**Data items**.
_ _ _ _ _

Theorem proposition5p8 (V : Type) (E : V -> V -> Prop)
  (HG : simple_graph E) (Hcount : countably_infinite V) :
  HE_homogeneous E <->
  (HH_homogeneous E /\
   (forall A : fin_graph, ~ (in_H E A /\ in_Hbar E A)) /\
   downward_closed_in_Age E (in_H E)).
Proof.
split=> [HE | [HH [H_Hbar_disjoint H_downward]]].
  by split; [exact: HE_HH | split; [exact: HE_Hbar_disjoint | exact: HE_H_downward]].
exact: HE_of_HH.
Qed.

_ _ _ _ _

**Your instructions**.
Output all preceding records character for character.

**Answer below**.
Theorem proposition5p8 (V : Type) (E : V -> V -> Prop)
  (HG : simple_graph E) (Hcount : countably_infinite V) :
  HE_homogeneous E <->
  (HH_homogeneous E /\
   (forall A : fin_graph, ~ (in_H E A /\ in_Hbar E A)) /\
   downward_closed_in_Age E (in_H E)).
Proof.
split=> [HE | [HH [H_Hbar_disjoint H_downward]]].
  by split; [exact: HE_HH | split; [exact: HE_Hbar_disjoint | exact: HE_H_downward]].
exact: HE_of_HH.
Qed.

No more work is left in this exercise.